**Problem to work on**
Your task is to repeat the data exactly, every line of it.

(Dataset records)
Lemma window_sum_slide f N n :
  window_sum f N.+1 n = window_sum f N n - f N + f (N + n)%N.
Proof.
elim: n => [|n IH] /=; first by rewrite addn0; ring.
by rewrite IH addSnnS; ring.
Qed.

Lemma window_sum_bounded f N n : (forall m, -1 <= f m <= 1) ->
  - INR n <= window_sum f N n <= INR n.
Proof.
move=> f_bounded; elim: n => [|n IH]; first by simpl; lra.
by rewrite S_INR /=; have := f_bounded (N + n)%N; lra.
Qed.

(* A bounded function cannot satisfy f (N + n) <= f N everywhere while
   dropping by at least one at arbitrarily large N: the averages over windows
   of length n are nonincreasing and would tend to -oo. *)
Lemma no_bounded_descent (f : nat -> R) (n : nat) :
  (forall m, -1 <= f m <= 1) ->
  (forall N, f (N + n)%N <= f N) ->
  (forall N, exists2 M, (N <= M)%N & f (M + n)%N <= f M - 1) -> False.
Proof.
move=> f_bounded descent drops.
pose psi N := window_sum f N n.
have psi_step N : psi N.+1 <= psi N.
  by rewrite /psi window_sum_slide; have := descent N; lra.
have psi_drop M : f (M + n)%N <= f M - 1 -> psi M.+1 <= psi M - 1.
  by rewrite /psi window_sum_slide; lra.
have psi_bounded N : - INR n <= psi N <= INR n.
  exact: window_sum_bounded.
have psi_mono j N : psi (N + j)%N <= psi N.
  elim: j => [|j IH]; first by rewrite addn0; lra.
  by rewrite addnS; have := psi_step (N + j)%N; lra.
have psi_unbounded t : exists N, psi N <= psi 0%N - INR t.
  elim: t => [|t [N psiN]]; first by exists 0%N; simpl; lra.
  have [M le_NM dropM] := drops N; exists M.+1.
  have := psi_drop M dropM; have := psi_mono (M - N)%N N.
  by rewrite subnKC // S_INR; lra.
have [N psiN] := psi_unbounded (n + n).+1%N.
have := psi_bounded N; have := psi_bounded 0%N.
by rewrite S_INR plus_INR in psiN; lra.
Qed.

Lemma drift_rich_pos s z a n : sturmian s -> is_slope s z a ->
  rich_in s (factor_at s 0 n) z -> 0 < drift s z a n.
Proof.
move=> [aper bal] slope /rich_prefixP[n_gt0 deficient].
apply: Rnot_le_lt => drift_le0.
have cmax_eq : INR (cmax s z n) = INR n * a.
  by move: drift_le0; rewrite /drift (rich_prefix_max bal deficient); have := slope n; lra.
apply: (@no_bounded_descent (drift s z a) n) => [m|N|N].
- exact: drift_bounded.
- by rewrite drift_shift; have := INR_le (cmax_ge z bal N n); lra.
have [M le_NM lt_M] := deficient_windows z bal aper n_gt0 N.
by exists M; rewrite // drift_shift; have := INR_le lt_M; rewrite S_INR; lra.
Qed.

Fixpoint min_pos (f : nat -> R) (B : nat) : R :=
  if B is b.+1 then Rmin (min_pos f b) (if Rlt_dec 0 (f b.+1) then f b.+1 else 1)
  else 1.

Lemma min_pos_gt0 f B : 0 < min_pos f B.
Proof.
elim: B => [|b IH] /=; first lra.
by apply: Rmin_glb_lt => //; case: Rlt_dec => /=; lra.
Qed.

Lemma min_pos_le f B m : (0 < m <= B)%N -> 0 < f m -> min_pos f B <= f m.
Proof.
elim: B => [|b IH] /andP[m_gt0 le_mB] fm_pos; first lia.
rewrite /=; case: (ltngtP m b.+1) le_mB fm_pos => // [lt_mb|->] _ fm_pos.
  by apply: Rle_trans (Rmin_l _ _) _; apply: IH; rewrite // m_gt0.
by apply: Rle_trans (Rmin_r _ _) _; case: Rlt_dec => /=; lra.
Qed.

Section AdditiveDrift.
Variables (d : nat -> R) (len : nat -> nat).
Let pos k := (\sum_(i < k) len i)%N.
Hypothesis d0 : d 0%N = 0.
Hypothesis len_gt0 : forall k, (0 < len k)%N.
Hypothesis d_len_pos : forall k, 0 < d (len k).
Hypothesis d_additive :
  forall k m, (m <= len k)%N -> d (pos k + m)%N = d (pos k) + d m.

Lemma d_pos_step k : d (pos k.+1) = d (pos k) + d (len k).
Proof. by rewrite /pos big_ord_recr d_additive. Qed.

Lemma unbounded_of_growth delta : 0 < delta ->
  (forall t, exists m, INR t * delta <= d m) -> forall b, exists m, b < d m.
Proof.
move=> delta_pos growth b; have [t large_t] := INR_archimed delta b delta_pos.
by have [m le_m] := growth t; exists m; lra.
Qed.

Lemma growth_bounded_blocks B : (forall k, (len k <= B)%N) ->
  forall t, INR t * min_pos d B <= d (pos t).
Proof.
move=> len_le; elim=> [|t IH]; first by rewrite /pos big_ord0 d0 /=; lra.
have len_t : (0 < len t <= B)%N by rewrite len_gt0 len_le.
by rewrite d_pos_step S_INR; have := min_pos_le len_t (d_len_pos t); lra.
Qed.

**Answer to this exercise**
Lemma window_sum_slide f N n :
  window_sum f N.+1 n = window_sum f N n - f N + f (N + n)%N.
Proof.
elim: n => [|n IH] /=; first by rewrite addn0; ring.
by rewrite IH addSnnS; ring.
Qed.

Lemma window_sum_bounded f N n : (forall m, -1 <= f m <= 1) ->
  - INR n <= window_sum f N n <= INR n.
Proof.
move=> f_bounded; elim: n => [|n IH]; first by simpl; lra.
by rewrite S_INR /=; have := f_bounded (N + n)%N; lra.
Qed.

(* A bounded function cannot satisfy f (N + n) <= f N everywhere while
   dropping by at least one at arbitrarily large N: the averages over windows
   of length n are nonincreasing and would tend to -oo. *)
Lemma no_bounded_descent (f : nat -> R) (n : nat) :
  (forall m, -1 <= f m <= 1) ->
  (forall N, f (N + n)%N <= f N) ->
  (forall N, exists2 M, (N <= M)%N & f (M + n)%N <= f M - 1) -> False.
Proof.
move=> f_bounded descent drops.
pose psi N := window_sum f N n.
have psi_step N : psi N.+1 <= psi N.
  by rewrite /psi window_sum_slide; have := descent N; lra.
have psi_drop M : f (M + n)%N <= f M - 1 -> psi M.+1 <= psi M - 1.
  by rewrite /psi window_sum_slide; lra.
have psi_bounded N : - INR n <= psi N <= INR n.
  exact: window_sum_bounded.
have psi_mono j N : psi (N + j)%N <= psi N.
  elim: j => [|j IH]; first by rewrite addn0; lra.
  by rewrite addnS; have := psi_step (N + j)%N; lra.
have psi_unbounded t : exists N, psi N <= psi 0%N - INR t.
  elim: t => [|t [N psiN]]; first by exists 0%N; simpl; lra.
  have [M le_NM dropM] := drops N; exists M.+1.
  have := psi_drop M dropM; have := psi_mono (M - N)%N N.
  by rewrite subnKC // S_INR; lra.
have [N psiN] := psi_unbounded (n + n).+1%N.
have := psi_bounded N; have := psi_bounded 0%N.
by rewrite S_INR plus_INR in psiN; lra.
Qed.

Lemma drift_rich_pos s z a n : sturmian s -> is_slope s z a ->
  rich_in s (factor_at s 0 n) z -> 0 < drift s z a n.
Proof.
move=> [aper bal] slope /rich_prefixP[n_gt0 deficient].
apply: Rnot_le_lt => drift_le0.
have cmax_eq : INR (cmax s z n) = INR n * a.
  by move: drift_le0; rewrite /drift (rich_prefix_max bal deficient); have := slope n; lra.
apply: (@no_bounded_descent (drift s z a) n) => [m|N|N].
- exact: drift_bounded.
- by rewrite drift_shift; have := INR_le (cmax_ge z bal N n); lra.
have [M le_NM lt_M] := deficient_windows z bal aper n_gt0 N.
by exists M; rewrite // drift_shift; have := INR_le lt_M; rewrite S_INR; lra.
Qed.

Fixpoint min_pos (f : nat -> R) (B : nat) : R :=
  if B is b.+1 then Rmin (min_pos f b) (if Rlt_dec 0 (f b.+1) then f b.+1 else 1)
  else 1.

Lemma min_pos_gt0 f B : 0 < min_pos f B.
Proof.
elim: B => [|b IH] /=; first lra.
by apply: Rmin_glb_lt => //; case: Rlt_dec => /=; lra.
Qed.

Lemma min_pos_le f B m : (0 < m <= B)%N -> 0 < f m -> min_pos f B <= f m.
Proof.
elim: B => [|b IH] /andP[m_gt0 le_mB] fm_pos; first lia.
rewrite /=; case: (ltngtP m b.+1) le_mB fm_pos => // [lt_mb|->] _ fm_pos.
  by apply: Rle_trans (Rmin_l _ _) _; apply: IH; rewrite // m_gt0.
by apply: Rle_trans (Rmin_r _ _) _; case: Rlt_dec => /=; lra.
Qed.

Section AdditiveDrift.
Variables (d : nat -> R) (len : nat -> nat).
Let pos k := (\sum_(i < k) len i)%N.
Hypothesis d0 : d 0%N = 0.
Hypothesis len_gt0 : forall k, (0 < len k)%N.
Hypothesis d_len_pos : forall k, 0 < d (len k).
Hypothesis d_additive :
  forall k m, (m <= len k)%N -> d (pos k + m)%N = d (pos k) + d m.

Lemma d_pos_step k : d (pos k.+1) = d (pos k) + d (len k).
Proof. by rewrite /pos big_ord_recr d_additive. Qed.

Lemma unbounded_of_growth delta : 0 < delta ->
  (forall t, exists m, INR t * delta <= d m) -> forall b, exists m, b < d m.
Proof.
move=> delta_pos growth b; have [t large_t] := INR_archimed delta b delta_pos.
by have [m le_m] := growth t; exists m; lra.
Qed.

Lemma growth_bounded_blocks B : (forall k, (len k <= B)%N) ->
  forall t, INR t * min_pos d B <= d (pos t).
Proof.
move=> len_le; elim=> [|t IH]; first by rewrite /pos big_ord0 d0 /=; lra.
have len_t : (0 < len t <= B)%N by rewrite len_gt0 len_le.
by rewrite d_pos_step S_INR; have := min_pos_le len_t (d_len_pos t); lra.
Qed.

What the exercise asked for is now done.